Когда Геннадий Горелик писал биографическую книгу об академике Сахарове, он встречался с Еленой Боннэр и обнаружил, «что Елена Боннэр скептически относится к моим религиозно-биографическим расспросам. Я — полная атеистка!», — заявила она и столь же уверено добавила: «И Андрей не верил в Бога», — Лишь когда я процитировал слова об источнике духовной теплоты, лежащем вне материи и ее законов, она признала, что проблема, пожалуй, есть. Признала в свойственной ей форме: «Какая я дура была! Я же печатала эти его слова!.. И не растрясла его: что он, собственно, имел в виду?»

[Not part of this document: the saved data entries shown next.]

(* Let $R$ be a ring. The following are equivalent: (i) $R$ is strongly nil-clean; (ii) ${\rm T}_n(R)$ is strongly weakly nil-clean for all $n \in \mathbb{N}$; (iii) ${\rm T}_n(R)$ is strongly weakly nil-clean for some $n \geq 3$; (iv) ${\rm T}_n(R)$ is GSWNC for some $n \geq 3$.
   Context: All rings are associative with identity. ${\rm T}_n(R)$ denotes the ring of $n\times n$ upper triangular matrices over $R$. An element $a$ of a ring is strongly nil-clean if $a = e + q$ with $e$ idempotent, $q$ nilpotent and $eq = qe$; it is strongly weakly nil-clean if there exist an idempotent $e$ and a nilpotent $q$ with $eq = qe$ such that $a = q + e$ or $a = q - e$. A ring is strongly nil-clean (resp. strongly weakly nil-clean) if all its elements are. A ring is GSWNC if every non-invertible element is strongly weakly nil-clean. *)

From mathcomp Require Import all_boot all_order all_algebra.
Set Implicit Arguments. Unset Strict Implicit. Unset Printing Implicit Defensive.
Import GRing.Theory.
Local Open Scope ring_scope.

Definition is_idempotent (R : pzRingType) (e : R) : Prop := e * e = e.
Definition is_nilpotent (R : pzRingType) (q : R) : Prop := exists k : nat, q ^+ k = 0.

Definition sn_clean_elt (R : pzRingType) (a : R) : Prop :=
  exists e q : R, is_idempotent e /\ is_nilpotent q /\ e * q = q * e /\ a = e + q.

Definition strongly_nil_clean (R : pzRingType) : Prop :=
  forall a : R, sn_clean_elt a.

(* T_n(R): upper triangular n x n matrices, viewed as a subring of M_n(R). *)
Definition upper_trig (R : pzRingType) (n : nat) (A : 'M[R]_n) : Prop :=
  forall i j : 'I_n, (j < i)%N -> A i j = 0.

Definition mx_pow (R : pzRingType) (n : nat) (A : 'M[R]_n) (k : nat) : 'M[R]_n :=
  iter k (mulmx A) 1%:M.

Definition Tn_swnc_elt (R : pzRingType) (n : nat) (A : 'M[R]_n) : Prop :=
  exists E Q : 'M[R]_n,
    [/\ upper_trig E, upper_trig Q, E *m E = E,
        (exists k : nat, mx_pow Q k = 0) & E *m Q = Q *m E]
    /\ (A = Q + E \/ A = Q - E).

Definition Tn_unit (R : pzRingType) (n : nat) (A : 'M[R]_n) : Prop :=
  exists B : 'M[R]_n, upper_trig B /\ A *m B = 1%:M /\ B *m A = 1%:M.

Definition Tn_strongly_weakly_nil_clean (R : pzRingType) (n : nat) : Prop :=
  forall A : 'M[R]_n, upper_trig A -> Tn_swnc_elt A.

Definition Tn_GSWNC (R : pzRingType) (n : nat) : Prop :=
  forall A : 'M[R]_n, upper_trig A -> ~ Tn_unit A -> Tn_swnc_elt A.

(* If R is strongly nil-clean, then a - a^2 is nilpotent for every a in R.  For
   an upper triangular A, the matrix A - A^2 is then upper triangular with
   nilpotent diagonal, hence nilpotent.  Iterating p |-> 3p^2 - 2p^3 from X
   produces integer polynomials p with p - p^2 divisible by an arbitrarily high
   power of X - X^2 and X - p divisible by X - X^2, so E := p(A) is an upper
   triangular idempotent commuting with A, and A - E is nilpotent.

   Conversely, taking the diagonal of an upper triangular matrix is a ring
   morphism.  Apply the hypothesis to the non-unit diag(a, 1, 0, ..., 0), so
   that A = Q + E or A = Q - E.  With the plus sign, a = e + q directly.  With
   the minus sign, the entry 1 = q' - e' forces e' = 1 and q' = 2, so 2 is
   nilpotent and a = q - e = e + (q - 2e) is strongly nil-clean. *)

From HB Require Import structures.
From mathcomp Require Import all_boot all_order all_algebra.
From mathcomp Require Import zify ring.
Set Implicit Arguments. Unset Strict Implicit. Unset Printing Implicit Defensive.
Import GRing.Theory.
Local Open Scope ring_scope.

Lemma oner0_all_eq0 (S : pzRingType) : (1 : S) = 0 -> forall x : S, x = 0.
Proof. by move=> S10 x; rewrite -[x]mulr1 S10 mulr0. Qed.

Section Nilpotent.
Variable S : pzRingType.
Implicit Types x y e q : S.

Lemma expr_eq0_le x k m : x ^+ k = 0 -> (k <= m)%N -> x ^+ m = 0.
Proof. by move=> xk0 /subnKC <-; rewrite exprD xk0 mul0r. Qed.

Lemma nilpotentN x : is_nilpotent x -> is_nilpotent (- x).
Proof. by move=> [k xk0]; exists k; rewrite exprNn xk0 mulr0. Qed.

Lemma nilpotentM_comm x y : GRing.comm x y -> is_nilpotent x -> is_nilpotent (x * y).
Proof. by move=> cxy [k xk0]; exists k; rewrite exprMn_comm // xk0 mul0r. Qed.

Lemma nilpotentD_comm x y :
  GRing.comm x y -> is_nilpotent x -> is_nilpotent y -> is_nilpotent (x + y).
Proof.
move=> cxy [k xk0] [l yl0]; exists (k + l)%N.
rewrite exprDn_comm // big1 // => i _.
have [li | il] := leqP l i; first by rewrite (expr_eq0_le yl0 li) mulr0 mul0rn.
by rewrite (@expr_eq0_le x k) ?mul0r ?mul0rn //; have := ltn_ord i; lia.
Qed.

Lemma nilpotent_common_exp (I : finType) (F : I -> S) :
  (forall i, is_nilpotent (F i)) -> exists k, forall i, F i ^+ k = 0.
Proof.
move=> Fnil; suff [k Fk0] : exists k, forall i, i \in enum I -> F i ^+ k = 0.
  by exists k => i; apply: Fk0; rewrite mem_enum.
elim: (enum I) => [|i s [k Fk0]]; first by exists 0%N.
have [l Fil0] := Fnil i; exists (k + l)%N => j; rewrite inE => /predU1P[->|js].
  by rewrite exprD Fil0 mulr0.
by rewrite exprD Fk0 ?mul0r.
Qed.

Lemma sn_clean_nilpotent_sub_sqr x : sn_clean_elt x -> is_nilpotent (x - x ^+ 2).
Proof.
move=> [e [q [ee [qnil [eq ->]]]]].
have -> : e + q - (e + q) ^+ 2 = q * (1 - e *+ 2 - q).
  rewrite expr2 mulrDl !mulrDr ee eq !mulrN mulr1 mulr2n mulrDr.
  rewrite -[e + q * e + _]addrA [q * e + (q * e + _)]addrA [in LHS]opprD.
  by rewrite addrACA subrr add0r opprD addrA.
apply: nilpotentM_comm qnil; apply: commrB; last exact: commr_refl.
by apply: commrB; [exact: commr1 | apply: commrMn; rewrite /GRing.comm eq].
Qed.

Lemma nilpotent2_of_sub_idempotent_eq1 e q :
  is_idempotent e -> is_nilpotent q -> q - e = 1 -> is_nilpotent (2%:R : S).
Proof.
move=> ee [k qk0] /eqP; rewrite subr_eq => /eqP qE.
have qe1 : q * (e - 1) = e - 1 by rewrite qE mulrDl mul1r mulrBr ee mulr1 subrr addr0.
have qXe1 j : q ^+ j * (e - 1) = e - 1.
  by elim: j => [|j IHj]; rewrite ?mul1r // exprSr -mulrA qe1.
have e1 : e = 1 by apply/eqP; rewrite -subr_eq0 -(qXe1 k) qk0 mul0r.
by exists k; rewrite mulr2n -{2}e1 -qE.
Qed.

Lemma sn_clean_sub_of_nilpotent2 e q :
  is_nilpotent (2%:R : S) -> is_idempotent e -> is_nilpotent q -> e * q = q * e ->
  sn_clean_elt (q - e).
Proof.
move=> twonil ee qnil eq; exists e, (q - e *+ 2); do 2!split=> //.
  apply: nilpotentD_comm qnil _; first by apply/commrN/commrMn.
  apply/nilpotentN; rewrite -mulr_natl.
  by apply: nilpotentM_comm twonil; exact/commr_sym/commr_nat.
split; first by rewrite mulrBr mulrBl eq mulrnAl mulrnAr.
by rewrite addrCA mulr2n opprD addNKr.
Qed.

End Nilpotent.

Lemma exists_poly_int_eval (S : pzRingType) (x : S) :
  exists phi : {rmorphism {poly int} -> S}, phi 'X = x.
Proof.
have [S10 | S1n0] := eqVneq (1 : S) 0.
  exists ((intr : int -> S) \o horner_eval 0).
  by rewrite (oner0_all_eq0 S10 x); exact: oner0_all_eq0.
(* horner_morph needs a nontrivial codomain *)
pose S' : nzRingType := HB.pack S (GRing.PzSemiRing_isNonZero.Build S S1n0).
have cfx : commr_rmorph (intr : int -> S') x by move=> c; exact: commr_int.
by exists (horner_morph cfx : {rmorphism {poly int} -> S'}); rewrite /= horner_morphX.
Qed.

Lemma idempotent_lift_poly (m : nat) : exists p : {poly int},
  (exists r, p - p ^+ 2 = ('X - 'X ^+ 2) ^+ m.+1 * r) /\
  (exists w, 'X - p = ('X - 'X ^+ 2) * w).
Proof.
set t : {poly int} := 'X - 'X ^+ 2.
elim: m => [|m [p [[r pr] [w pw]]]].
  by exists 'X; split; [exists 1; rewrite expr1 mulr1 | exists 0; rewrite subrr mulr0].
exists (3%:R * p ^+ 2 - 2%:R * p ^+ 3); split.
  exists (t ^+ m * r ^+ 2 * (3%:R + 4%:R * (p - p ^+ 2))).
  have -> : 3%:R * p ^+ 2 - 2%:R * p ^+ 3 - (3%:R * p ^+ 2 - 2%:R * p ^+ 3) ^+ 2
          = (p - p ^+ 2) ^+ 2 * (3%:R + 4%:R * (p - p ^+ 2)) by ring.
  by rewrite pr !exprS; ring.
exists (w + t ^+ m * r * (1 - 2%:R * p)).
have -> : 'X - (3%:R * p ^+ 2 - 2%:R * p ^+ 3)
        = ('X - p) + (p - p ^+ 2) * (1 - 2%:R * p) by ring.
by rewrite pw pr exprS; ring.
Qed.

Lemma idempotent_lift (S : pzRingType) (phi : {rmorphism {poly int} -> S}) :
  is_nilpotent (phi 'X - phi 'X ^+ 2) ->
  exists p, is_idempotent (phi p) /\ is_nilpotent (phi 'X - phi p).
Proof.
move=> [m tm0]; have [p [[r pr] [w pw]]] := idempotent_lift_poly m.
have phit : phi ('X - 'X ^+ 2) = phi 'X - phi 'X ^+ 2 by rewrite rmorphB rmorphXn.
exists p; split.
  have : phi (p - p ^+ 2) = 0 by rewrite pr rmorphM rmorphXn phit exprS tm0 mulr0 mul0r.
  by rewrite rmorphB rmorphXn expr2 => /eqP; rewrite subr_eq0 => /eqP.
by exists m; rewrite -rmorphB pw -rmorphXn exprMn rmorphM rmorphXn phit tm0 mul0r.
Qed.

Section UpperTriangular.
Variables (R : pzRingType) (n : nat).
Implicit Types A B : 'M[R]_n.

Lemma upper_trig0 : upper_trig (0 : 'M[R]_n).
Proof. by move=> i j _; rewrite mxE. Qed.

Lemma upper_trig1 : upper_trig (1 : 'M[R]_n).
Proof. by move=> i j ji; rewrite -idmxE mxE -val_eqE /= gtn_eqF. Qed.

Lemma upper_trig_diag_mx (d : 'rV[R]_n) : upper_trig (diag_mx d).
Proof. by move=> i j ji; rewrite mxE -val_eqE /= gtn_eqF. Qed.

Lemma upper_trigD A B : upper_trig A -> upper_trig B -> upper_trig (A + B).
Proof. by move=> uA uB i j ji; rewrite mxE uA ?uB ?addr0. Qed.

Lemma upper_trigN A : upper_trig A -> upper_trig (- A).
Proof. by move=> uA i j ji; rewrite mxE uA ?oppr0. Qed.

Lemma upper_trigM A B : upper_trig A -> upper_trig B -> upper_trig (A * B).
Proof.
move=> uA uB i j ji; rewrite -mulmxE mxE big1 // => l _.
have [li | il] := ltnP l i; first by rewrite uA ?mul0r.
by rewrite uB ?mulr0 // (leq_trans ji il).
Qed.

Lemma upper_trigX A k : upper_trig A -> upper_trig (A ^+ k).
Proof.
by move=> uA; elim: k => [|k IHk]; [exact: upper_trig1 | rewrite exprS; exact: upper_trigM].
Qed.

Lemma upper_trig_int (c : int) : upper_trig (c%:~R : 'M[R]_n).
Proof.
have upper_trig_nat k : upper_trig (k%:R : 'M[R]_n).
  elim: k => [|k IHk]; first exact: upper_trig0.
  by rewrite mulrS; exact: upper_trigD (upper_trig1) IHk.
case: c => k; first exact: upper_trig_nat.
by rewrite NegzE mulrNz; exact/upper_trigN/upper_trig_nat.
Qed.

Lemma upper_trig_poly_int (phi : {rmorphism {poly int} -> 'M[R]_n}) p :
  upper_trig (phi 'X) -> upper_trig (phi p).
Proof.
move=> uX; elim/poly_ind: p => [|p c IHp]; first by rewrite rmorph0; exact: upper_trig0.
rewrite rmorphD rmorphM -[c]intz !rmorph_int.
by apply: upper_trigD; [exact: upper_trigM | exact: upper_trig_int].
Qed.

Lemma upper_trigM_diag A B i :
  upper_trig A -> upper_trig B -> (A * B) i i = A i i * B i i.
Proof.
move=> uA uB; rewrite -mulmxE mxE (bigD1 i) //= big1 ?addr0 // => l li.
have [il | lI | /val_inj eli] := ltngtP l i; first by rewrite uA ?mul0r.
  by rewrite uB ?mulr0.
by rewrite eli eqxx in li.
Qed.

Lemma upper_trigX_diag A k i : upper_trig A -> (A ^+ k) i i = A i i ^+ k.
Proof.
move=> uA; elim: k => [|k IHk]; first by rewrite !expr0 -idmxE mxE eqxx.
by rewrite !exprS upper_trigM_diag ?IHk //; exact: upper_trigX.
Qed.

Lemma mx_powE A k : mx_pow A k = A ^+ k.
Proof. by elim: k => [|k IHk] //; rewrite exprS -IHk. Qed.

Lemma strictly_upper_exprn A :
  (forall i j : 'I_n, (j <= i)%N -> A i j = 0) ->
  forall k (i j : 'I_n), (j < i + k)%N -> (A ^+ k) i j = 0.
Proof.
move=> sA; elim=> [|k IHk] i j.
  by rewrite addn0 expr0 -idmxE mxE -val_eqE /= => /gtn_eqF ->.
move=> jik; rewrite exprS -mulmxE mxE big1 // => l _.
have [li | il] := leqP l i; first by rewrite sA ?mul0r.
by rewrite IHk ?mulr0 // (leq_trans jik) // addnS -addSn leq_add2r.
Qed.

Lemma upper_trig_nilpotent A :
  upper_trig A -> (forall i, is_nilpotent (A i i)) -> is_nilpotent A.
Proof.
move=> uA /nilpotent_common_exp[k Ak0]; exists (k * n)%N.
rewrite exprM; apply/matrixP => i j; rewrite [RHS]mxE.
apply: strictly_upper_exprn; last by rewrite (leq_trans (ltn_ord j)) ?leq_addl.
move=> i' j'; rewrite leq_eqVlt => /orP[/eqP/val_inj -> | j'i'].
  by rewrite upper_trigX_diag.
exact: upper_trigX.
Qed.

Lemma Tn_nil_clean_pair_diag (E Q : 'M[R]_n) i :
  upper_trig E -> upper_trig Q -> E *m E = E -> (exists k, mx_pow Q k = 0) ->
  E *m Q = Q *m E ->
  [/\ is_idempotent (E i i), is_nilpotent (Q i i) & E i i * Q i i = Q i i * E i i].
Proof.
move=> uE uQ + [k]; rewrite mx_powE !mulmxE => EE Qk0 EQ; split.
- by rewrite /is_idempotent -upper_trigM_diag // EE.
- by exists k; rewrite -upper_trigX_diag // Qk0 mxE.
- by rewrite -!upper_trigM_diag // EQ.
Qed.

Lemma Tn_unit_diag_neq0 A i :
  (1 : R) != 0 -> upper_trig A -> Tn_unit A -> A i i != 0.
Proof.
move=> R1n0 uA [B [uB [AB _]]]; apply: contra_neq R1n0 => Aii0.
have := congr1 (fun M : 'M[R]_n => M i i) AB.
by rewrite /= mulmxE upper_trigM_diag // Aii0 mul0r mxE eqxx => Rzero; exact: esym Rzero.
Qed.

End UpperTriangular.

Lemma Tn_swnc_of_sn_clean (R : pzRingType) n :
  strongly_nil_clean R -> Tn_strongly_weakly_nil_clean R n.
Proof.
move=> snR A uA; have [phi phiA] := exists_poly_int_eval A.
have [p [Eidem [k AEk0]]] : exists p, is_idempotent (phi p) /\ is_nilpotent (phi 'X - phi p).
  apply: idempotent_lift; rewrite phiA.
  apply: upper_trig_nilpotent => [|i]; first exact/upper_trigD/upper_trigN/upper_trigX.
  by rewrite mxE [X in _ + X]mxE upper_trigX_diag //; apply: sn_clean_nilpotent_sub_sqr.
have uE : upper_trig (phi p) by apply: upper_trig_poly_int; rewrite phiA.
have EA : phi p * A = A * phi p by rewrite -phiA -!rmorphM mulrC.
exists (phi p), (A - phi p); split; last by left; rewrite subrK.
split=> //; first exact/upper_trigD/upper_trigN.
  by exists k; rewrite mx_powE -phiA.
by rewrite !mulmxE mulrBr mulrBl Eidem EA.
Qed.

Lemma sn_clean_of_Tn_GSWNC (R : pzRingType) n :
  Tn_GSWNC R n.+3 -> strongly_nil_clean R.
Proof.
move=> gswnc a; have [R10 | R1n0] := eqVneq (1 : R) 0.
  exists 0, 0; rewrite /is_idempotent mul0r addr0 (oner0_all_eq0 R10 a).
  by do 2!split=> //; exists 1%N; rewrite expr1.
pose A : 'M[R]_n.+3 := diag_mx (\row_j nth 0 [:: a; 1] j).
have AE i : A i i = nth 0 [:: a; 1] i by rewrite !mxE eqxx mulr1n.
have Anot_unit : ~ Tn_unit A.
  move=> /(Tn_unit_diag_neq0 ord_max R1n0 (upper_trig_diag_mx _)).
  by rewrite AE /= nth_nil eqxx.
have [E [Q [[uE uQ EE Qnil EQ] AQE]]] := gswnc A (upper_trig_diag_mx _) Anot_unit.
have [e0idem q0nil e0q0] := Tn_nil_clean_pair_diag ord0 uE uQ EE Qnil EQ.
case: AQE => AQE.
  by exists (E ord0 ord0), (Q ord0 ord0); rewrite -[a](AE ord0) AQE mxE addrC.
have AE_diag i : A i i = Q i i - E i i by rewrite AQE !mxE.
pose i1 : 'I_n.+3 := Ordinal (isT : 1 < n.+3)%N.
have [e1idem q1nil _] := Tn_nil_clean_pair_diag i1 uE uQ EE Qnil EQ.
have twonil : is_nilpotent (2%:R : R).
  by apply: nilpotent2_of_sub_idempotent_eq1 e1idem q1nil _; rewrite -AE_diag AE.
by rewrite -[a](AE ord0) AE_diag; apply: sn_clean_sub_of_nilpotent2.
Qed.

Theorem proposition2p9 (R : pzRingType) :
  (strongly_nil_clean R <-> forall n : nat, Tn_strongly_weakly_nil_clean R n) /\
  (strongly_nil_clean R <-> exists n : nat, (3 <= n)%N /\ Tn_strongly_weakly_nil_clean R n) /\
  (strongly_nil_clean R <-> exists n : nat, (3 <= n)%N /\ Tn_GSWNC R n).
Proof.
have swnc_GSWNC n : Tn_strongly_weakly_nil_clean R n -> Tn_GSWNC R n.
  by move=> swnc A uA _; exact: swnc.
have sn_of_GSWNC n : (3 <= n)%N -> Tn_GSWNC R n -> strongly_nil_clean R.
  by case: n => [|[|[|n]]] // _; exact: sn_clean_of_Tn_GSWNC.
split; [|split]; split.
- by move=> snR n; exact: Tn_swnc_of_sn_clean.
- by move=> swnc; apply: (sn_of_GSWNC 3%N) => //; exact: swnc_GSWNC.
- by move=> snR; exists 3%N; split=> //; exact: Tn_swnc_of_sn_clean.
- by case=> n [n3 swnc]; apply: (sn_of_GSWNC n n3); exact: swnc_GSWNC.
- by move=> snR; exists 3%N; split=> //; apply/swnc_GSWNC/Tn_swnc_of_sn_clean.
- by case=> n [n3 gswnc]; exact: sn_of_GSWNC gswnc.
Qed.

«Теперь можно «растрясти» лишь его дневник», — пошутил писатель.
Вот так высказался Андрей Дмитриевич о своей вере в Бога:
«Для меня все религии равноправны, я не близок ни к одной из них. Для меня Бог — не управляющий миром, не творец мира или его законов, а гарант смысла бытия — смысла вопреки видимому бессмыслию. Диалог с Богом — молитва — главное во всех религиях, в прямом смысле для меня, по-видимому, невозможен. В личное бессмертие я не верю, хотя, конечно, возможно 100 лет превратить в 100 000 или 100 000 000 лет. Но в кратком мгновении жизни и общения отражается бесконечность!»